> [WHAT YOU NEED TO DO]:
Of the lines below, write out exactly those from the line with "(forall i j k, (i" through the line with "pose cx : nat", both included, and skip the rest.
[[ INPUT RECORDS open ]]
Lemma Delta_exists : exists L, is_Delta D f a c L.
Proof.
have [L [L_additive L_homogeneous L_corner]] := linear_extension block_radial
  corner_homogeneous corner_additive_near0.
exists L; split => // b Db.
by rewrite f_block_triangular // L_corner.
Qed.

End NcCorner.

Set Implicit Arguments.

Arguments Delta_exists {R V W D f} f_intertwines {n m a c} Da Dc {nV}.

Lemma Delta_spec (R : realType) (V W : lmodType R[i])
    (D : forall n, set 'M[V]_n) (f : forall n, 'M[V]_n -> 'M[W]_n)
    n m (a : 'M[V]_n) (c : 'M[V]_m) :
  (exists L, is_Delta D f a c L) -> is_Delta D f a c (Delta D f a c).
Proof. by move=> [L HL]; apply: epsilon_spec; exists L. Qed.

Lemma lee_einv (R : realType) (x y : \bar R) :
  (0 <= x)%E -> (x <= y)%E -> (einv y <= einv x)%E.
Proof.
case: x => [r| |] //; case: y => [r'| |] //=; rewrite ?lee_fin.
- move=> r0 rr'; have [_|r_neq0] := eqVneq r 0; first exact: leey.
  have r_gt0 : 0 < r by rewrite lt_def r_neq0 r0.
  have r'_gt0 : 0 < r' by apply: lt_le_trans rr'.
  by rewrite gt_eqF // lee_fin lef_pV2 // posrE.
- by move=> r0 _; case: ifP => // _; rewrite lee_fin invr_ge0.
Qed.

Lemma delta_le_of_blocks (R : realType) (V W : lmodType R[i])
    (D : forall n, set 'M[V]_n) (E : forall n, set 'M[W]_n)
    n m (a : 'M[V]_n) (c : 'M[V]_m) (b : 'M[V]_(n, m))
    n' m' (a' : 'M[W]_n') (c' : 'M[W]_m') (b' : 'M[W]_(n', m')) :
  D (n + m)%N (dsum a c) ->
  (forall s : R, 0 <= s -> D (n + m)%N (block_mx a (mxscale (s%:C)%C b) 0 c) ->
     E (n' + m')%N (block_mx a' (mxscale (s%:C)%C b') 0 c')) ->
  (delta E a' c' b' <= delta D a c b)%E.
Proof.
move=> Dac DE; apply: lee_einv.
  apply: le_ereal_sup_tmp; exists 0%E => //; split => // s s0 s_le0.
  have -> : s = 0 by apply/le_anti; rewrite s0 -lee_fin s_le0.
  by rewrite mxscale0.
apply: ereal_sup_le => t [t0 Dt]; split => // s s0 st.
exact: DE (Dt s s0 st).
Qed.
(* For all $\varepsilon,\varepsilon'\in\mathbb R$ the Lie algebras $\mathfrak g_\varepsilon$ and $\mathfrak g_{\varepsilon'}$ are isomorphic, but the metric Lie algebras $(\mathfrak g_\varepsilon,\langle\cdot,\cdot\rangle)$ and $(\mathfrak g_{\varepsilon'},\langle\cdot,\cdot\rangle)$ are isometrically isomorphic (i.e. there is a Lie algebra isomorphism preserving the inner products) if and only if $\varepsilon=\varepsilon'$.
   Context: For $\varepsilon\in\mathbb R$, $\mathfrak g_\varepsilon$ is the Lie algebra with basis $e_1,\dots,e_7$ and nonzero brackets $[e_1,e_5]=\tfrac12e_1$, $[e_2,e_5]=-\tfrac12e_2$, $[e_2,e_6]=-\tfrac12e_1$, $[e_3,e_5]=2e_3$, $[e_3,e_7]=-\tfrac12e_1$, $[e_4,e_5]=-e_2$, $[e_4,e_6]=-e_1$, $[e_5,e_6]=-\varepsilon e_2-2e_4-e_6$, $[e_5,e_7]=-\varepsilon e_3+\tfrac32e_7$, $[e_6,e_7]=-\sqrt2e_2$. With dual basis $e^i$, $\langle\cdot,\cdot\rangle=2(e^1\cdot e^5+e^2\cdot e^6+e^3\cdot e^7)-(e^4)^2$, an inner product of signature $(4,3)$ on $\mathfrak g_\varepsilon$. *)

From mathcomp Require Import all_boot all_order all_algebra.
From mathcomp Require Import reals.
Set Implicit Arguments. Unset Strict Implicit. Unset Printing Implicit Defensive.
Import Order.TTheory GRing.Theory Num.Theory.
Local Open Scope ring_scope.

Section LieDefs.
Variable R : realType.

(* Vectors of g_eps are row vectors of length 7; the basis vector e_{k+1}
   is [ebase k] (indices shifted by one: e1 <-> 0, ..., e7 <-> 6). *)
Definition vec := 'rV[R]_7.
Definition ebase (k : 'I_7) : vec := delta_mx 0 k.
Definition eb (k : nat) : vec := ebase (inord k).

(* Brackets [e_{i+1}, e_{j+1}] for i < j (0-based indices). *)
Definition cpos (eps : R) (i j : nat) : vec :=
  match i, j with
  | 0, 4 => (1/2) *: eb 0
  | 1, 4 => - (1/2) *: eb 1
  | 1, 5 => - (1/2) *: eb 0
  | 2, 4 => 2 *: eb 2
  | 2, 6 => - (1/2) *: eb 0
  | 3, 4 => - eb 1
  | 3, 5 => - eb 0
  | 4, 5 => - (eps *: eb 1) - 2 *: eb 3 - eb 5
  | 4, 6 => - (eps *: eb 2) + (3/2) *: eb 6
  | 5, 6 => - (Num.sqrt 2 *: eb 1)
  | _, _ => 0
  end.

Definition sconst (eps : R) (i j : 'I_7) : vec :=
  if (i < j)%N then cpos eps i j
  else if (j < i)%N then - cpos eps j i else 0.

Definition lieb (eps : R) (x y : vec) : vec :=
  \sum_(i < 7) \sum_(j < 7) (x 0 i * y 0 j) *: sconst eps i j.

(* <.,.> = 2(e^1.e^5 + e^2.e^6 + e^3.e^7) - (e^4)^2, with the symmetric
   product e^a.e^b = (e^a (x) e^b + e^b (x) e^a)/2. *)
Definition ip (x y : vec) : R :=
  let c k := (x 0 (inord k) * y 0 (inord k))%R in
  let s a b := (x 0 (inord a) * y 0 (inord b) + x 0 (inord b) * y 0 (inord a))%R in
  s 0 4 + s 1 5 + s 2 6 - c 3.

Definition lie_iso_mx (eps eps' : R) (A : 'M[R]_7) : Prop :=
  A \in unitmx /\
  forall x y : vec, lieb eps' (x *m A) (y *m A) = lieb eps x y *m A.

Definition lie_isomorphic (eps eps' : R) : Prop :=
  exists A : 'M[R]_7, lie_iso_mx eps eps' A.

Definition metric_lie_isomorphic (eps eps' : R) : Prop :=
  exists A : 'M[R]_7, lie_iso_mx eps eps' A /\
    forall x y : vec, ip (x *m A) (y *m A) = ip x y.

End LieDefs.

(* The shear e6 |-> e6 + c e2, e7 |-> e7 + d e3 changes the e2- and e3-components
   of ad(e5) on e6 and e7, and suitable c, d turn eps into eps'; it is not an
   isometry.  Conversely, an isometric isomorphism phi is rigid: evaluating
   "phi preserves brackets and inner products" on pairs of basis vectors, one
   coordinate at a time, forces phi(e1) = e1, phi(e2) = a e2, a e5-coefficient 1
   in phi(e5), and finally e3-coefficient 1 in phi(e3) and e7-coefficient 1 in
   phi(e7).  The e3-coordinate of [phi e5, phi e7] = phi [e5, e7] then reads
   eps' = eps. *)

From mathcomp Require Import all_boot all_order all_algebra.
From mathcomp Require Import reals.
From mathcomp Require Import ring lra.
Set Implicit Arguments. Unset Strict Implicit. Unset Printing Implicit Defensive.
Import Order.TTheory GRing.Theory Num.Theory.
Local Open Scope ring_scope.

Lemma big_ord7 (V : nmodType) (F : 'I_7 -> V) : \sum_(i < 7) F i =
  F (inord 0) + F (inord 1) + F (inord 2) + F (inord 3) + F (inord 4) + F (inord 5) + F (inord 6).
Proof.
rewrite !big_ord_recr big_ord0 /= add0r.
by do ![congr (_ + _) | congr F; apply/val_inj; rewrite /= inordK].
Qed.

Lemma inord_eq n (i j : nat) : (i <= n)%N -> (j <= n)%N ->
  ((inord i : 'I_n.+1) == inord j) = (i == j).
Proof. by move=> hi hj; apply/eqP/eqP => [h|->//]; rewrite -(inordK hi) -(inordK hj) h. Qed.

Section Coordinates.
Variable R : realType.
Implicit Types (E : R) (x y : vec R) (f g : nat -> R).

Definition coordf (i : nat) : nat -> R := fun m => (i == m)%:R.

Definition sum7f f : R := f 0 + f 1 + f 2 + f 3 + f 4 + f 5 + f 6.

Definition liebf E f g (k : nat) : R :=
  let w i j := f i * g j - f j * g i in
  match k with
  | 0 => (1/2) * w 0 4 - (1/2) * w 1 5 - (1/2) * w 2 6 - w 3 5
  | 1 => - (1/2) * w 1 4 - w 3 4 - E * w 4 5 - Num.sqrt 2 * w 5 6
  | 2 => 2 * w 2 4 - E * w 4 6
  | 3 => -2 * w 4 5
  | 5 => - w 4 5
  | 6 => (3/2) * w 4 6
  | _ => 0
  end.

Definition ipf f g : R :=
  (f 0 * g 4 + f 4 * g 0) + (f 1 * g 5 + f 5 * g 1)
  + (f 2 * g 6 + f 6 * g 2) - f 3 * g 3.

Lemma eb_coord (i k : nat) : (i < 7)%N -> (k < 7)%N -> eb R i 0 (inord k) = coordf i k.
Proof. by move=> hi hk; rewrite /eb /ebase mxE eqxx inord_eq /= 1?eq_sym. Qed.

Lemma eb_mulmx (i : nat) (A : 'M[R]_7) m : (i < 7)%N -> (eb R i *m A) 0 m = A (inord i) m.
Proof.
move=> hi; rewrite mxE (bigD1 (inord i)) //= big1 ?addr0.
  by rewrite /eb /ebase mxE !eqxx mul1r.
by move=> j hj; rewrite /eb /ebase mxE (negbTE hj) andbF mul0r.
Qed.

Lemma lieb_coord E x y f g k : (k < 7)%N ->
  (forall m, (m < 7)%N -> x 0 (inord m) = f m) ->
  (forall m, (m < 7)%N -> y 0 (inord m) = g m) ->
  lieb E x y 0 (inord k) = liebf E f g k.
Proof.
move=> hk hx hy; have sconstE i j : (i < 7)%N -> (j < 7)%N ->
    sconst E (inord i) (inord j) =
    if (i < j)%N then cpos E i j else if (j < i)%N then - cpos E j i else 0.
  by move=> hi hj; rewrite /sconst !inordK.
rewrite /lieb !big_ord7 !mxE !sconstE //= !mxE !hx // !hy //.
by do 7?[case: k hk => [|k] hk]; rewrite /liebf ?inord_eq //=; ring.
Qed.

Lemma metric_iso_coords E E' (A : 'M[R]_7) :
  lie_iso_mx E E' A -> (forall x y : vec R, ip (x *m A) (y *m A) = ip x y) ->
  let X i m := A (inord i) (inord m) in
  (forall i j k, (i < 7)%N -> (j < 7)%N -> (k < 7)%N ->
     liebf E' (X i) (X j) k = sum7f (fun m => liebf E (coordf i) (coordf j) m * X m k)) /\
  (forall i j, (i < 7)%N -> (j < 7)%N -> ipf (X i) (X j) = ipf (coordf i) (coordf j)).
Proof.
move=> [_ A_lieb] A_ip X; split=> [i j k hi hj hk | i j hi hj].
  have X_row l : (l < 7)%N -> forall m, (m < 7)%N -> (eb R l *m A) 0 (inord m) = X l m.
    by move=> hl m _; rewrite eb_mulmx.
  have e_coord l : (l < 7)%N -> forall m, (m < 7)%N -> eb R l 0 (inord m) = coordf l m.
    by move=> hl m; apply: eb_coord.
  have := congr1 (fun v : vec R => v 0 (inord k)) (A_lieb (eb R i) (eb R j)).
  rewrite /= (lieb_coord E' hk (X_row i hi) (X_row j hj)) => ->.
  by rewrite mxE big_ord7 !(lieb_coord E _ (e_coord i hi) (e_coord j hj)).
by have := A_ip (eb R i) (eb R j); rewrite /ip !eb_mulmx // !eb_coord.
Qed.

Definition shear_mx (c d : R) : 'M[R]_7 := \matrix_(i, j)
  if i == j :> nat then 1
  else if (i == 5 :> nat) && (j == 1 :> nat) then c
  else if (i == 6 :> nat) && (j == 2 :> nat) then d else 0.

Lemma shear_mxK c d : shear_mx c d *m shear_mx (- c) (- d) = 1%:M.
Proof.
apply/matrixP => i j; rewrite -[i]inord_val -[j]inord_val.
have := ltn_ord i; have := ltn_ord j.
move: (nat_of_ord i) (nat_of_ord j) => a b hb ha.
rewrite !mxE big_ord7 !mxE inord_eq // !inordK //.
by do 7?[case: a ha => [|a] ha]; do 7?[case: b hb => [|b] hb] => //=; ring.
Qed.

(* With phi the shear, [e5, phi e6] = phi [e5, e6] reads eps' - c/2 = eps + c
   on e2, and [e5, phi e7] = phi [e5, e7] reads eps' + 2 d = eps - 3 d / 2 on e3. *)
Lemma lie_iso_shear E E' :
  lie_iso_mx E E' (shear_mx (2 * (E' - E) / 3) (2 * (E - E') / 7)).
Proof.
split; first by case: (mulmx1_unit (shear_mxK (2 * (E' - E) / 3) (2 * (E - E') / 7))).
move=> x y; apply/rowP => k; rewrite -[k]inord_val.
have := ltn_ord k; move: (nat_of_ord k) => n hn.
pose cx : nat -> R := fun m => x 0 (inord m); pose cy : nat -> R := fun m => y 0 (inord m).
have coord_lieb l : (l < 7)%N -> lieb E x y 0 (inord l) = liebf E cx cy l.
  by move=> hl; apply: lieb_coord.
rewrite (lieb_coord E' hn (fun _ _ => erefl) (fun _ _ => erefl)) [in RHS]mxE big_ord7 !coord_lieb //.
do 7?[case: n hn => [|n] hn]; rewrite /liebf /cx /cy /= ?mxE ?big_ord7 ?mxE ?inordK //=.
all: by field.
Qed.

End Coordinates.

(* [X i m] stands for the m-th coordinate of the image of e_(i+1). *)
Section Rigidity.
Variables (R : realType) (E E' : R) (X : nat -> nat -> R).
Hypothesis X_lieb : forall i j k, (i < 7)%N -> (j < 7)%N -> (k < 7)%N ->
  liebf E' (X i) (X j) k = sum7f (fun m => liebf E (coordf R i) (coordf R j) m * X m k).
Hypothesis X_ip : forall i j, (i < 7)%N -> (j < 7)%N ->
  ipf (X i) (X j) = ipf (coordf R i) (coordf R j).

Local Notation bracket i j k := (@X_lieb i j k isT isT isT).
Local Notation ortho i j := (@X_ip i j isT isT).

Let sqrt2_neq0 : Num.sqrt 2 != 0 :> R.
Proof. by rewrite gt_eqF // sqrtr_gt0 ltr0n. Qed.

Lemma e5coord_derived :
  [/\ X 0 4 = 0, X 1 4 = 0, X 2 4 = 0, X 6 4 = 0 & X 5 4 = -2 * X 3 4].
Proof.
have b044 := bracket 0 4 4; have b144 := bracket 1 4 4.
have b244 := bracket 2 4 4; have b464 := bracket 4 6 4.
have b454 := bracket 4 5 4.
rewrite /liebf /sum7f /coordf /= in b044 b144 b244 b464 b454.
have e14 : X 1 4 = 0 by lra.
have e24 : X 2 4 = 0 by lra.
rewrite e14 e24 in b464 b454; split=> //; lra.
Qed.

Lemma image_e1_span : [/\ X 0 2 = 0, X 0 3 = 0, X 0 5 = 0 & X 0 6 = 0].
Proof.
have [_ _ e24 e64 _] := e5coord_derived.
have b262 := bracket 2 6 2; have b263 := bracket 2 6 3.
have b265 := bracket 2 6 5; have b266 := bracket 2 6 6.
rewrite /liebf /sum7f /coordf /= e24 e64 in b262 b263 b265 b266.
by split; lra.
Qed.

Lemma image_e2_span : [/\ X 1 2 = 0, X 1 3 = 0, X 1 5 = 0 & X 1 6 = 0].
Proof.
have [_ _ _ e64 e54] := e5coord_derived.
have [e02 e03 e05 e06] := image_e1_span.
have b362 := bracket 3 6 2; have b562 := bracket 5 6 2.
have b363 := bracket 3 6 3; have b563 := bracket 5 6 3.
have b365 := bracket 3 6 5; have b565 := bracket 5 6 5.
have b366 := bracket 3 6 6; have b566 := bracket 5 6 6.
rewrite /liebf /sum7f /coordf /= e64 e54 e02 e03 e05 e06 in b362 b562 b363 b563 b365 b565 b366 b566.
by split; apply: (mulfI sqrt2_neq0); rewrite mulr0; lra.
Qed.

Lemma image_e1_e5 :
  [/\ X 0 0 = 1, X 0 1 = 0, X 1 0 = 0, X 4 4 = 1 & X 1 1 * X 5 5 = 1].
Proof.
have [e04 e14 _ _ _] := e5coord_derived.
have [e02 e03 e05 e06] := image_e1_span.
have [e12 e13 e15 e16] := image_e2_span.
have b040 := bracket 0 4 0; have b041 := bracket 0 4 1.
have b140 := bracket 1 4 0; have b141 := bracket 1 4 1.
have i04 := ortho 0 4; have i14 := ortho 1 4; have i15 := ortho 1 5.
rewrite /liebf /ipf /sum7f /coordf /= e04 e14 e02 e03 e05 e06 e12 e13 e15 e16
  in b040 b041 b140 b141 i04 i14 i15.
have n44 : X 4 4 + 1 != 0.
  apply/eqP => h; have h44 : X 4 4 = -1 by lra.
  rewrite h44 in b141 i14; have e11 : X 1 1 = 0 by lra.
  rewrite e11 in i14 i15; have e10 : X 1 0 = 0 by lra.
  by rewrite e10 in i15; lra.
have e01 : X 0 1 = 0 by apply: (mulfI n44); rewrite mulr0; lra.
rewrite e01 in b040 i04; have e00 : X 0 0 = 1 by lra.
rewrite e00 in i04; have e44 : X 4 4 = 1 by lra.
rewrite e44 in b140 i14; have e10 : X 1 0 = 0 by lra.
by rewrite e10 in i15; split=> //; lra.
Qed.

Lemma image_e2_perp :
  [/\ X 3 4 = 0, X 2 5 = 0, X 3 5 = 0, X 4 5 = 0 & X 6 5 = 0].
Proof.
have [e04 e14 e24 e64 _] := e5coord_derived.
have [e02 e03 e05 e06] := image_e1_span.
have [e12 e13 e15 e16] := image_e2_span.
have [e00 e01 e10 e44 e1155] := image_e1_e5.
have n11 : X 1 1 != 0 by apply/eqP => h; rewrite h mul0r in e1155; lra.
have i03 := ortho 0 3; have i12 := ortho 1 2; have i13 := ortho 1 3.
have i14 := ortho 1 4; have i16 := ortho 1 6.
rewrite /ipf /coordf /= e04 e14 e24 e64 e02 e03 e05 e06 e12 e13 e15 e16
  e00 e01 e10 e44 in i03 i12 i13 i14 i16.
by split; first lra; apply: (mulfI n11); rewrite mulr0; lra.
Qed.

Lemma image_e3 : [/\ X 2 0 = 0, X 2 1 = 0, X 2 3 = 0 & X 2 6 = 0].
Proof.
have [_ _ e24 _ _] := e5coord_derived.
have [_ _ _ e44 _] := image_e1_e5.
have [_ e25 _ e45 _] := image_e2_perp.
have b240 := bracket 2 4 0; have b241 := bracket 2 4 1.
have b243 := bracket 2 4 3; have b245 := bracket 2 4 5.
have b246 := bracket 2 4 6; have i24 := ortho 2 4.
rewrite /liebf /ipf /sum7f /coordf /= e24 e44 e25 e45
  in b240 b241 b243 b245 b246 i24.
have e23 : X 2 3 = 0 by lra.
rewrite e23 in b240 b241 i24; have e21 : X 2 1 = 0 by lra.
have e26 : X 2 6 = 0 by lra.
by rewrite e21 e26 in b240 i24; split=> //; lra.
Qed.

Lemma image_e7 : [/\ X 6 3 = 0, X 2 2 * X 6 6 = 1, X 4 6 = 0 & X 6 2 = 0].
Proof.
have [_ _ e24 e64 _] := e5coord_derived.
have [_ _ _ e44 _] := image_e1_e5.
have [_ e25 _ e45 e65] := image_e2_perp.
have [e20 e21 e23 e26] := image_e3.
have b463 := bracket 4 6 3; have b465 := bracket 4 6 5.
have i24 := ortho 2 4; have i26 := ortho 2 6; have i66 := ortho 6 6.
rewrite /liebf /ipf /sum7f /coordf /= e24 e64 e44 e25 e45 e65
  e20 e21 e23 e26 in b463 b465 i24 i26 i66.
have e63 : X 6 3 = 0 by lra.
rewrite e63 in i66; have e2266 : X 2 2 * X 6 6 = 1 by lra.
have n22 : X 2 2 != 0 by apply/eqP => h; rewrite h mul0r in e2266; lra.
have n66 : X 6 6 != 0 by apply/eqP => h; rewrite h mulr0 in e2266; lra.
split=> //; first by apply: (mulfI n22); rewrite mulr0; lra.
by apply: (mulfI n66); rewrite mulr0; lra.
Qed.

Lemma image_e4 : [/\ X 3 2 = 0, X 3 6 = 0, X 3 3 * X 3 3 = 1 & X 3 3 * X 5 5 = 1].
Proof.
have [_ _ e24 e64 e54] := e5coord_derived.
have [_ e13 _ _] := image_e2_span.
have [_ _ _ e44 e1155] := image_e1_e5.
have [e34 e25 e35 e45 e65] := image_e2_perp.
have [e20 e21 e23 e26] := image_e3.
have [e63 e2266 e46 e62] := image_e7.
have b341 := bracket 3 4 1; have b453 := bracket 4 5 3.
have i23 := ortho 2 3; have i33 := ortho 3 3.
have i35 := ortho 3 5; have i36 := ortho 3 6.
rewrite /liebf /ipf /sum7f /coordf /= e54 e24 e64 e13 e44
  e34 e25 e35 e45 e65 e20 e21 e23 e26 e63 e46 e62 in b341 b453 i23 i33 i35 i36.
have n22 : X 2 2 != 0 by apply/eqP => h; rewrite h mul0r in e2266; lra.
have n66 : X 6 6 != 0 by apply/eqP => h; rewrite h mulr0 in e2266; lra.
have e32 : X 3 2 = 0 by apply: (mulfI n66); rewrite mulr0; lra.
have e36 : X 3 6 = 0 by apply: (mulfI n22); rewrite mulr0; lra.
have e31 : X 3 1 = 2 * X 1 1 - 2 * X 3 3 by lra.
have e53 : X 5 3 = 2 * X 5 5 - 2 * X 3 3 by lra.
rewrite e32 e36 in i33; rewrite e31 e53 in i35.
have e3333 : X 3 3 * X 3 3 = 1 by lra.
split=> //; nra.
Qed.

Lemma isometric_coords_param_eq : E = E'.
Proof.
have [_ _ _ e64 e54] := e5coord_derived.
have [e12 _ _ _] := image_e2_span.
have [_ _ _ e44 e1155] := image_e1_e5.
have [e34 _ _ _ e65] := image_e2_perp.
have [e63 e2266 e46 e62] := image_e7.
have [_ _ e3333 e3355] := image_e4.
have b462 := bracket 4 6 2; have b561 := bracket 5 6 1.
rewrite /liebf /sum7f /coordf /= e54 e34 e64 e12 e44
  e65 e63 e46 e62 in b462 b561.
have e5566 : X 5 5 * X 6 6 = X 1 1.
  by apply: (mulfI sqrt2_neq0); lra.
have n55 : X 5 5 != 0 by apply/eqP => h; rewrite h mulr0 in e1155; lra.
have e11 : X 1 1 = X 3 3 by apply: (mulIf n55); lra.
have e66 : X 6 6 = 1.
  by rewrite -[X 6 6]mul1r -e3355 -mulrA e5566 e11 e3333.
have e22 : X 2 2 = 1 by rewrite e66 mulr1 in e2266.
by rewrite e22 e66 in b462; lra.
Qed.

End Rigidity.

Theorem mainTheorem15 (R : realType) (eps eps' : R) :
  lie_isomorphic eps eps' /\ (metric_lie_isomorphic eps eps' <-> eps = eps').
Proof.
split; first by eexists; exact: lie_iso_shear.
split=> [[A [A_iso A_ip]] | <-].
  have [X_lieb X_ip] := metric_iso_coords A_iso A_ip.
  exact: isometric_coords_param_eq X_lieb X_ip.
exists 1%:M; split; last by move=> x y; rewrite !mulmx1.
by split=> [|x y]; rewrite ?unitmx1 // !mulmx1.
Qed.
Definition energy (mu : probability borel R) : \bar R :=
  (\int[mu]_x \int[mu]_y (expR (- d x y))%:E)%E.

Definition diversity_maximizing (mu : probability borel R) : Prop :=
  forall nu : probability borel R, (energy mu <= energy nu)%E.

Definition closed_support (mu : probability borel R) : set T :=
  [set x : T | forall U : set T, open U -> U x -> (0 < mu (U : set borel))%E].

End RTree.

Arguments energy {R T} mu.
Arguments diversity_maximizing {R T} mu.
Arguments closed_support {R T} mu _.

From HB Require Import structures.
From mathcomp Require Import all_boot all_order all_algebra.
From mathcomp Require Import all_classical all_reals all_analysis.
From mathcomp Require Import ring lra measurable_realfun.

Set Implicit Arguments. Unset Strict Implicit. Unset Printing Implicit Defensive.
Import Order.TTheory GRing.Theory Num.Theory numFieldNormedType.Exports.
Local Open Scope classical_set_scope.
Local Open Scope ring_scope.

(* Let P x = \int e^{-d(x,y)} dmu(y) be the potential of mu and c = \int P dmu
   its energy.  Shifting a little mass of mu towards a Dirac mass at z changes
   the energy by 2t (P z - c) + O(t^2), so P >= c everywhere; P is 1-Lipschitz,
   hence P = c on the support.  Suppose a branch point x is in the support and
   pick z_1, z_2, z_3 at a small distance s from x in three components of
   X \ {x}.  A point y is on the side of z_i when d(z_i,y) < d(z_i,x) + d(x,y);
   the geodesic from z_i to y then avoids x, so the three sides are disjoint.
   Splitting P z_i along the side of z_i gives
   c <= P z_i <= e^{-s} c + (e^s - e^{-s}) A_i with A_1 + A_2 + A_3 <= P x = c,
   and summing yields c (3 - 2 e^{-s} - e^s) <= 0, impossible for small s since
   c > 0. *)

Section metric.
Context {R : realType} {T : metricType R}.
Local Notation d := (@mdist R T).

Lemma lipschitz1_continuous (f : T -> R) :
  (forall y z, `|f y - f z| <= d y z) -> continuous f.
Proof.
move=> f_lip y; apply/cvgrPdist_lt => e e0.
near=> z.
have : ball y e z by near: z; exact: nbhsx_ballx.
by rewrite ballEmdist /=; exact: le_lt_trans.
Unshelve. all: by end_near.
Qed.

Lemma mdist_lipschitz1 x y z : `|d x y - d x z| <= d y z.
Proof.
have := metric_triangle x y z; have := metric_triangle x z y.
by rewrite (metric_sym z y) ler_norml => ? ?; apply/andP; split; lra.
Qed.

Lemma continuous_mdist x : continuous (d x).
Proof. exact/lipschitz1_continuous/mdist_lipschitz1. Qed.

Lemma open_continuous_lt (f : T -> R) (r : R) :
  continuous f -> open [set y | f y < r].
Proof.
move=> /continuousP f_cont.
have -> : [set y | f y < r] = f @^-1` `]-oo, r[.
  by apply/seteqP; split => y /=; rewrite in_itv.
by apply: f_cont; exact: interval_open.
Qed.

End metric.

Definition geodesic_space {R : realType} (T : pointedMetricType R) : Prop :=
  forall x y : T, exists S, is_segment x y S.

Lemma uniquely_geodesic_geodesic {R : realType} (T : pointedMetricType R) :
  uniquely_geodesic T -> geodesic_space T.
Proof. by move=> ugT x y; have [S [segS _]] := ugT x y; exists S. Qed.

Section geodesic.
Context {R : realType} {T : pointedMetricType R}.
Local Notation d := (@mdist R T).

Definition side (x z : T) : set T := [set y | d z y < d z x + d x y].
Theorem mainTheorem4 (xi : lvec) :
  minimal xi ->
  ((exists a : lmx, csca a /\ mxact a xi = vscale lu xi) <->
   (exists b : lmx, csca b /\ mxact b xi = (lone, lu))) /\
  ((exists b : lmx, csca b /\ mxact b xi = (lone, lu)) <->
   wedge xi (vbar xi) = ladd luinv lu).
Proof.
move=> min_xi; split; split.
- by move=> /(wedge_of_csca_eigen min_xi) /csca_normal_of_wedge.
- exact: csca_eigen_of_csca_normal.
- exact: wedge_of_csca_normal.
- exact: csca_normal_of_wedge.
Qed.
[[ INPUT RECORDS closed ]]
> [EXPECTED ANSWER]:
  (forall i j k, (i < 7)%N -> (j < 7)%N -> (k < 7)%N ->
     liebf E' (X i) (X j) k = sum7f (fun m => liebf E (coordf i) (coordf j) m * X m k)) /\
  (forall i j, (i < 7)%N -> (j < 7)%N -> ipf (X i) (X j) = ipf (coordf i) (coordf j)).
Proof.
move=> [_ A_lieb] A_ip X; split=> [i j k hi hj hk | i j hi hj].
  have X_row l : (l < 7)%N -> forall m, (m < 7)%N -> (eb R l *m A) 0 (inord m) = X l m.
    by move=> hl m _; rewrite eb_mulmx.
  have e_coord l : (l < 7)%N -> forall m, (m < 7)%N -> eb R l 0 (inord m) = coordf l m.
    by move=> hl m; apply: eb_coord.
  have := congr1 (fun v : vec R => v 0 (inord k)) (A_lieb (eb R i) (eb R j)).
  rewrite /= (lieb_coord E' hk (X_row i hi) (X_row j hj)) => ->.
  by rewrite mxE big_ord7 !(lieb_coord E _ (e_coord i hi) (e_coord j hj)).
by have := A_ip (eb R i) (eb R j); rewrite /ip !eb_mulmx // !eb_coord.
Qed.

Definition shear_mx (c d : R) : 'M[R]_7 := \matrix_(i, j)
  if i == j :> nat then 1
  else if (i == 5 :> nat) && (j == 1 :> nat) then c
  else if (i == 6 :> nat) && (j == 2 :> nat) then d else 0.

Lemma shear_mxK c d : shear_mx c d *m shear_mx (- c) (- d) = 1%:M.
Proof.
apply/matrixP => i j; rewrite -[i]inord_val -[j]inord_val.
have := ltn_ord i; have := ltn_ord j.
move: (nat_of_ord i) (nat_of_ord j) => a b hb ha.
rewrite !mxE big_ord7 !mxE inord_eq // !inordK //.
by do 7?[case: a ha => [|a] ha]; do 7?[case: b hb => [|b] hb] => //=; ring.
Qed.

(* With phi the shear, [e5, phi e6] = phi [e5, e6] reads eps' - c/2 = eps + c
   on e2, and [e5, phi e7] = phi [e5, e7] reads eps' + 2 d = eps - 3 d / 2 on e3. *)
Lemma lie_iso_shear E E' :
  lie_iso_mx E E' (shear_mx (2 * (E' - E) / 3) (2 * (E - E') / 7)).
Proof.
split; first by case: (mulmx1_unit (shear_mxK (2 * (E' - E) / 3) (2 * (E - E') / 7))).
move=> x y; apply/rowP => k; rewrite -[k]inord_val.
have := ltn_ord k; move: (nat_of_ord k) => n hn.
pose cx : nat -> R := fun m => x 0 (inord m); pose cy : nat -> R := fun m => y 0 (inord m).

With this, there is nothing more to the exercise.